ステップ2:関係者との調整・連携体制の構築
マイクログリッドに参加する需要家(病院・公共施設・住宅等)、電力会社(系統線の活用に関する協議)、自治体等との事前調整を行います。需要家の参加意向確認や電力系統への接続可能性を確認します。
ステップ3:詳細設計と費用積算
設備構成の詳細設計を行い、設計費・設備費・工事費の積算を実施します。補助対象経費と自己負担額を明確に区分した収支計画を作成します。
ステップ4:申請書類の作成・提出
公募要領に基づき必要書類を作成し、申請期限(2022年7月29日)までにSIIへ提出します。
ステップ5:審査・採択・交付決定・事業実施
審査を経て採択後、交付決定を受けてから工事・設備設置を開始します。完了後に実績報告書を提出して補助金を受領します。
ポイント
審査と成功のコツ
地域の再エネポテンシャルの定量的な把握
災害時の電力自立供給能力の定量化
EMS設計の最適化と運用計画の具体性
事業採算性と長期持続可能性の説明
地域への経済・環境効果の定量化
ポイント
対象経費
対象となる経費
再生可能エネルギー発電設備費(5件)
- 太陽光発電パネル・パワーコンディショナー等の設備費
- 風力発電機・制御設備費
- バイオマス発電設備費
- 水力発電設備費
- 地熱発電設備費
エネルギーマネジメント設備費(3件)
- EMS(エネルギーマネジメントシステム)本体費
- センサー・計測機器費
- 通信・制御設備費
需給調整設備費(3件)
- 蓄電システム(蓄電池・PCS等)設備費
- 業務用・産業用V2H充放電設備費
- 非常用発電設備費
受変電・保安設備費(3件)
- 受変電設備費
- 事故検知設備費
- 遮断設備費
設計費・工事費(3件)
- 設備の設計・エンジニアリング費
- 設備設置工事費
- 系統連系工事費(電力会社への工事費負担金含む)
対象外の経費
対象外の経費一覧(7件)
- 土地の取得費
- 既存設備の通常の維持管理・修繕費
- 交付決定前に発注・契約した経費
- 消費税及び地方消費税相当額(課税事業者の場合)
- 補助事業と直接関係のない設備費
- 新たな系統線・配電網の新設工事費(既存系統線活用が要件)
- 運転・維持管理費(補助対象は設計・設備・工事のみ)
よくある質問
Q「既存の系統線を活用する」とはどういう意味ですか?
地域マイクログリッドの要件として、新たな専用配電線(マイクログリッド専用の電線)を新設するのではなく、既存の電力系統の配電線を活用してマイクログリッド内の電力を融通することが求められます。これにより新規配電線敷設コストを省き、現実的なマイクログリッド構築が可能となります。

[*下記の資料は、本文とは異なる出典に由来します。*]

(* [y_(k+1,i)] is below every [y_(k,j)]: for [j = i] through the partner
   [y_(k,i')] that [g] already identifies with [y_(k,i)]. *)
Lemma survivor_image_fle k i (u v : Esub V) :
  k <= m -> i \in survivors k -> val u = Some (k, i) -> level (val v) < k ->
  fle (g u) (g v).
Proof.
elim: k i u => [//|k IH] i u le_k_m iT eu lt_v_k.
case/survivorsSP: iT => fullk iTk [i' [i'T ni'i ci']].
have yV j : Some (k, j) \in V := forallP fullk j.
have below_other j : j != i -> fle (g u) (g (FSetSub (yV j))).
  move=> nji; apply/(reduces_to_mono red_g)/(Esub_fle_step eu) => // eij.
  by rewrite eij eqxx in nji.
have below j : fle (g u) (g (FSetSub (yV j))).
  have [->|/below_other //] := eqVneq j i.
  have -> : g (FSetSub (yV i)) = g (FSetSub (yV i')).
    by apply: merged_below; [exact: merge_key_survivors | exact: le_k_m].
  exact: below_other.
have [j ev] := val_Esub v; rewrite ltnS leq_eqVlt in lt_v_k.
case/orP: lt_v_k => [/eqP eq_v|lt_v].
  by have -> : v = FSetSub (yV j) by apply: val_inj; rewrite ev eq_v.
exact: U_poset.2.2 _ _ _ (below i) (IH i (FSetSub (yV i)) (ltnW le_k_m) iTk erefl lt_v).
Qed.

Lemma survivor_image_flt i (u : Esub V) :
  i \in survivors m -> val u = Some (m, i) ->
  forall z, flt (g u) z <-> exists v, g v = z /\ level (val v) < m.
Proof.
move=> iT eu z; split=> [[uz nuz]|[v [<- lt_v_m]]].
  have [v gv] := reduces_to_surj red_g z; exists v; split=> //.
  by move: uz nuz; rewrite -gv => /image_fle_level [//|]; rewrite eu.
split; first exact: survivor_image_fle iT eu lt_v_m.
by move=> /ker_g /merge_key_level; rewrite eu => eq_m; rewrite -eq_m ltnn in lt_v_m.
Qed.

End MergeablePairs.

Lemma merge_key_mergeable (U : fposet) (g : Esub V -> U) :
  reduces_to g -> (forall u v, g u = g v -> merge_key u = merge_key v) ->
  forall u v, merge_key u = merge_key v -> g u <> g v ->
  exists u' v', [/\ merge_key u' = merge_key v', g u' <> g v' &
                    forall z, flt (g u') z <-> flt (g v') z].
Proof.
move=> red_g ker_g u v kuv guv.
pose unmerged_at m := [exists p : Esub V * Esub V,
  [&& merge_key p.1 == merge_key p.2, g p.1 != g p.2 & level (val p.1) == m]].
have ex_unmerged : exists m, unmerged_at m.
  exists (level (val u)); apply/existsP; exists (u, v).
  by rewrite /= kuv !eqxx andbT; apply/eqP.
case: (ex_minnP ex_unmerged) => m /existsP [[u' v'] /and3P [/eqP kuv' /eqP guv' /eqP lu']].
move=> min_m.
have merged_below a b : merge_key a = merge_key b -> level (val a) < m -> g a = g b.
  move=> kab lt_a; apply/eqP; apply: contraT => gab; suff: m <= level (val a) by lia.
  by apply: min_m; apply/existsP; exists (a, b); rewrite kab !eqxx gab.
exists u', v'; split=> //.
case/merge_keyP: kuv' => [eu'|[k [i [j [eu ev iT jT _]]]]]; first by rewrite eu' in guv'.
move: lu'; rewrite eu => /= eq_k; subst k => z.
have flt_image := survivor_image_flt red_g ker_g merged_below.
by rewrite (flt_image _ _ iT eu) (flt_image _ _ jT ev).
Qed.

End LevelsOfY.

Local Open Scope fset_scope.

Theorem mainTheorem8 (n : nat) (V : {fset Yn n}) :
  finite_Esubspace V ->
  forall c : Esub V -> color n,
    weak_coloring c ->
    exists (U : fposet) (g : Esub V -> U),
      [/\ reduces_to g,
          (forall u v : Esub V, g u = g v -> c u = c v) &
          (forall m : nat,
             (forall i : 'I_(2 ^ n.+1), Some (m, i) \in V) ->
             exists (i j : 'I_(2 ^ n.+1)) (u v : Esub V),
               [/\ (i < j)%N, val u = Some (m, i), val v = Some (m, j) & g u = g v])].
Proof.
move=> [_ V_upset] c c_mono.
have [U [g [red_g ker_g]]] := reduces_to_key_kernel (Esub_poset V_upset)
  (@merge_key_mergeable _ _ V_upset c).
exists U, g; split=> // [u v /ker_g|m yV]; first exact: merge_key_color.
have fullm : full V m by apply/forallP.
have [i0 /survivorsSP [_ iT [i' [i'T ni'i ci']]]] :=
  survivorsS_nonempty V_upset c_mono fullm.
have [uV u'V] := (yV i0, yV i').
have g_eq : g (FSetSub uV) = g (FSetSub u'V) by apply/ker_g/merge_key_survivors.
case: (ltngtP i0 i') => [lt|lt|/val_inj eq]; last by rewrite eq eqxx in ni'i.
- by exists i0, i', (FSetSub uV), (FSetSub u'V).
- by exists i', i0, (FSetSub u'V), (FSetSub uV).
Qed.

Q補助対象経費は何ですか?運転・維持管理費も対象になりますか?
補助対象経費は設計費・設備費・工事費の3種類に限られます。設備の運転・維持管理費、人件費、コンサルタント費用等は補助対象外です。設備設置後の運用費は自己負担となりますので、長期的な維持管理コストを含めた収支計画を事前に策定してください。
Q自治体と民間事業者が連携して申請できますか?
詳細は公募要領でご確認いただく必要がありますが、地域マイクログリッドは自治体・エネルギー事業者・需要家等が連携して構築するケースが多く、コンソーシアム申請が想定されています。連携する場合の申請形式・役割分担については、事務局(SII)へお問い合わせください。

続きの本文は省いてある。